- **What this task involves**: Which lines run from the line with "by apply: ler_sum" through the line with "move=> S_gt0 /andP[b1_lt" in the entries below? Print them exactly, both ends included, and nothing more.

*** Opening of Provided data ***

(* Let $A=(a^k)_{k\in[n]}$ be a finite collection (multiset) of points $a^k=(a^k_1,a^k_2)\in[0,1]^2$, $n\ge 1$. Then $A$ admits at least one boundaries-included average fixed point, i.e., a point $x\in[0,1]^2$ with $\operatorname{avg}(A\setminus A_{<,<}(x))=x$.
   Context: For a finite nonempty multiset $B\subset[0,1]^2$, $\operatorname{avg}(B)=\frac{1}{|B|}\sum_{b\in B}b$ (counted with multiplicity). For $x\in[0,1]^2$, $A_{<,<}(x)=\{a\in A: a_1<x_1,\ a_2<x_2\}$ (as a sub-multiset of $A$), and $A\setminus A_{<,<}(x)$ is the sub-multiset of the remaining elements. *)

From mathcomp Require Import all_boot all_order all_algebra.
From mathcomp Require Import reals.
Set Implicit Arguments. Unset Strict Implicit. Unset Printing Implicit Defensive.
Import Order.TTheory GRing.Theory Num.Theory.
Local Open Scope ring_scope.

(* Points of the plane are pairs (x1, x2) : R * R; multisets are sequences. *)

Definition in_unit_square (R : realType) (a : R * R) : bool :=
  [&& 0 <= a.1, a.1 <= 1, 0 <= a.2 & a.2 <= 1].

Definition ltlt (R : realType) (x a : R * R) : bool := (a.1 < x.1) && (a.2 < x.2).

Definition compl_ltlt (R : realType) (A : seq (R * R)) (x : R * R) : seq (R * R) :=
  [seq a <- A | ~~ ltlt x a].

Definition avg (R : realType) (B : seq (R * R)) : R * R :=
  ((\sum_(b <- B) b.1) / (size B)%:R, (\sum_(b <- B) b.2) / (size B)%:R).

From mathcomp Require Import all_boot all_order all_algebra.
From mathcomp Require Import reals.
From mathcomp Require Import lra.
Set Implicit Arguments. Unset Strict Implicit. Unset Printing Implicit Defensive.
Import Order.TTheory GRing.Theory Num.Theory.
Local Open Scope ring_scope.

(** Start from x = avg A and repeatedly replace x by the average of the points
    of the current multiset that are not strictly below it (in both coordinates).
    Discarding points below the average can only raise the average, so every
    point discarded so far stays strictly below x; hence the current multiset is
    always A \ A_{<,<}(x) for the previous x.  A point not strictly below the
    average always exists, so the multiset never becomes empty, and its size
    strictly decreases until no point is discarded: x is then a fixed point. *)

Lemma sumr_const_seq (V : nmodType) (T : Type) (s : seq T) (c : V) :
  \sum_(b <- s) c = c *+ size s.
Proof. by rewrite big_const_seq count_predT -Monoid.iteropE. Qed.

Section Mean.
Variables (R : realFieldType) (T : eqType) (f : T -> R).
Implicit Types (s : seq T) (c : R).

Definition mean s : R := (\sum_(b <- s) f b) / (size s)%:R.

Lemma mean_le c s :
  (0 < size s)%N -> (forall b, b \in s -> f b <= c) -> mean s <= c.
Proof.
move=> s_gt0 le_fc; rewrite ler_pdivrMr ?ltr0n // mulr_natr -sumr_const_seq.
by rewrite big_seq [leRHS]big_seq; apply: ler_sum.
Qed.

Lemma le_mean c s :
  (0 < size s)%N -> (forall b, b \in s -> c <= f b) -> c <= mean s.
Proof.
move=> s_gt0 le_cf; rewrite ler_pdivlMr ?ltr0n // mulr_natr -sumr_const_seq.
by rewrite big_seq [leRHS]big_seq; apply: ler_sum.
Qed.

Lemma has_mean_le s : (0 < size s)%N -> has (fun b => mean s <= f b) s.
Proof.
move=> s_gt0; apply/negPn/negP; rewrite -all_predC => /allP lt_f_mean.
have : \sum_(b <- s) f b < \sum_(b <- s) mean s.
  rewrite big_seq [ltRHS]big_seq; apply: ltr_sum => [|b /lt_f_mean].
    by case: s s_gt0 {lt_f_mean} => //= b s _; rewrite inE eqxx.
  by rewrite /= -ltNge.
by rewrite sumr_const_seq -mulr_natr divfK ?ltxx // pnatr_eq0 -lt0n.
Qed.

Lemma mean_le_mean_filter (q : pred T) s :
  has q s -> (forall b, b \in s -> ~~ q b -> f b <= mean s) ->
  mean s <= mean [seq b <- s | q b].
Proof.
move=> has_q le_drop_mean.
have s_gt0 : (0 < size s)%N by case: s has_q {le_drop_mean}.
have sum_s : \sum_(b <- s) f b = mean s * (count q s + count (predC q) s)%:R.
  by rewrite count_predC divfK // pnatr_eq0 -lt0n.
have sum_drop : \sum_(b <- s | ~~ q b) f b <= mean s * (count (predC q) s)%:R.
  rewrite mulr_natr -size_filter -sumr_const_seq.
  rewrite big_filter [leLHS]big_seq_cond [leRHS]big_seq_cond.
  by apply: ler_sum => b /andP[bs nqb]; apply: le_drop_mean.
have sum_split : \sum_(b <- s) f b =
    \sum_(b <- [seq b <- s | q b]) f b + \sum_(b <- s | ~~ q b) f b.
  by rewrite big_filter (bigID q).
(* The dropped part sums to at most mean s per element, so the kept part
   sums to at least mean s per element. *)
move: sum_s; rewrite natrD sum_split => sum_s.
rewrite ler_pdivlMr ?size_filter ?ltr0n -?has_count //; lra.
Qed.

End Mean.

Section Average.
Variable R : realType.
Implicit Types (S : seq (R * R)) (x b : R * R).

Lemma avgE S : avg S = (mean fst S, mean snd S).
Proof. by []. Qed.

Lemma avg_in_unit_square S :
  (0 < size S)%N -> all (@in_unit_square R) S -> in_unit_square (avg S).
Proof.
move=> S_gt0 /allP S01.
have coord01 b : b \in S -> [/\ 0 <= b.1, b.1 <= 1, 0 <= b.2 & b.2 <= 1].
  by move/S01/and4P.
rewrite /in_unit_square avgE /=; apply/and4P; split.
- by apply: le_mean => // b /coord01[].
- by apply: mean_le => // b /coord01[].
- by apply: le_mean => // b /coord01[].
- by apply: mean_le => // b /coord01[].
Qed.

Lemma has_compl_ltlt_avg S :
  (0 < size S)%N -> has (fun b => ~~ ltlt (avg S) b) S.
Proof.
move=> /(has_mean_le fst) /hasP[b bS le_b]; apply/hasP; exists b => //.
by rewrite /ltlt negb_and -leNgt le_b.
Qed.

Lemma ltlt_avg_compl S b :
  (0 < size S)%N -> ltlt (avg S) b ->
  ltlt (avg [seq a <- S | ~~ ltlt (avg S) a]) b.
Proof.
move=> S_gt0 /andP[b1_lt b2_lt]; have has_keep := has_compl_ltlt_avg S_gt0.
apply/andP; split.
- apply: (lt_le_trans b1_lt); apply: mean_le_mean_filter => // a _.
  by rewrite negbK => /andP[/ltW].
- apply: (lt_le_trans b2_lt); apply: mean_le_mean_filter => // a _.
  by rewrite negbK => /andP[_ /ltW].
Qed.

End Average.

Section FixedPoint.
Variables (R : realType) (A : seq (R * R)).
Hypothesis A01 : all (@in_unit_square R) A.

Lemma avg_fixed_point_of_filter (p : pred (R * R)) :
  has p A ->
  (forall a, a \in A -> ~~ p a -> ltlt (avg [seq a <- A | p a]) a) ->
  exists x : R * R,
    [/\ in_unit_square x, (0 < size (compl_ltlt A x))%N & avg (compl_ltlt A x) = x].
Proof.
have [n] := ubnP (size [seq a <- A | p a]); elim: n p => // n IHn p.
set S := [seq a <- A | p a]; set x := avg S => S_lt has_p dropped_lt.
have S_gt0 : (0 < size S)%N by rewrite size_filter -has_count.
have compl_x : compl_ltlt A x = [seq b <- S | ~~ ltlt x b].
  rewrite /compl_ltlt /S -filter_predI; apply: eq_in_filter => a aA /=.
  by case: (boolP (p a)) => [|/(dropped_lt a aA) ->]; rewrite ?andbT.
have [keep_all | /allPn[b bS /negPn x_b]] := boolP (all (fun b => ~~ ltlt x b) S).
  exists x; rewrite compl_x (all_filterP keep_all); split => //.
  apply: avg_in_unit_square => //; apply/allP => b.
  by rewrite mem_filter => /andP[_ /(allP A01)].
have S'E : [seq a <- A | p a && ~~ ltlt x a] = [seq b <- S | ~~ ltlt x b].
  by rewrite /S -filter_predI; apply: eq_filter => a; rewrite /= andbC.
apply: (IHn (fun a => p a && ~~ ltlt x a)); rewrite ?S'E.
- rewrite -ltnS (leq_trans _ S_lt) // ltnS size_filter.
  rewrite -(count_predC (fun b => ~~ ltlt x b)) -[X in (X < _)%N]addn0 ltn_add2l.
  by rewrite -has_count; apply/hasP; exists b; rewrite //= negbK.
- by rewrite has_count -size_filter S'E size_filter -has_count has_compl_ltlt_avg.
- move=> a aA keep_a; apply: ltlt_avg_compl => //.
  by case: (boolP (p a)) keep_a => [_ /negPn | /(dropped_lt a aA)].
Qed.

End FixedPoint.

Theorem lemma1 (R : realType) (A : seq (R * R)) :
  (0 < size A)%N -> all (@in_unit_square R) A ->
  exists x : R * R,
    [/\ in_unit_square x, (0 < size (compl_ltlt A x))%N & avg (compl_ltlt A x) = x].
Proof.
move=> A_gt0 A01; apply: (avg_fixed_point_of_filter A01 (p := predT)).
  by case: A A_gt0 {A01}.
by move=> a _.
Qed.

*** Close of Provided data ***

- **Your solution**:
  by apply: ler_sum => b /andP[bs nqb]; apply: le_drop_mean.
have sum_split : \sum_(b <- s) f b =
    \sum_(b <- [seq b <- s | q b]) f b + \sum_(b <- s | ~~ q b) f b.
  by rewrite big_filter (bigID q).
(* The dropped part sums to at most mean s per element, so the kept part
   sums to at least mean s per element. *)
move: sum_s; rewrite natrD sum_split => sum_s.
rewrite ler_pdivlMr ?size_filter ?ltr0n -?has_count //; lra.
Qed.

End Mean.

Section Average.
Variable R : realType.
Implicit Types (S : seq (R * R)) (x b : R * R).

Lemma avgE S : avg S = (mean fst S, mean snd S).
Proof. by []. Qed.

Lemma avg_in_unit_square S :
  (0 < size S)%N -> all (@in_unit_square R) S -> in_unit_square (avg S).
Proof.
move=> S_gt0 /allP S01.
have coord01 b : b \in S -> [/\ 0 <= b.1, b.1 <= 1, 0 <= b.2 & b.2 <= 1].
  by move/S01/and4P.
rewrite /in_unit_square avgE /=; apply/and4P; split.
- by apply: le_mean => // b /coord01[].
- by apply: mean_le => // b /coord01[].
- by apply: le_mean => // b /coord01[].
- by apply: mean_le => // b /coord01[].
Qed.

Lemma has_compl_ltlt_avg S :
  (0 < size S)%N -> has (fun b => ~~ ltlt (avg S) b) S.
Proof.
move=> /(has_mean_le fst) /hasP[b bS le_b]; apply/hasP; exists b => //.
by rewrite /ltlt negb_and -leNgt le_b.
Qed.

Lemma ltlt_avg_compl S b :
  (0 < size S)%N -> ltlt (avg S) b ->
  ltlt (avg [seq a <- S | ~~ ltlt (avg S) a]) b.
Proof.
move=> S_gt0 /andP[b1_lt b2_lt]; have has_keep := has_compl_ltlt_avg S_gt0.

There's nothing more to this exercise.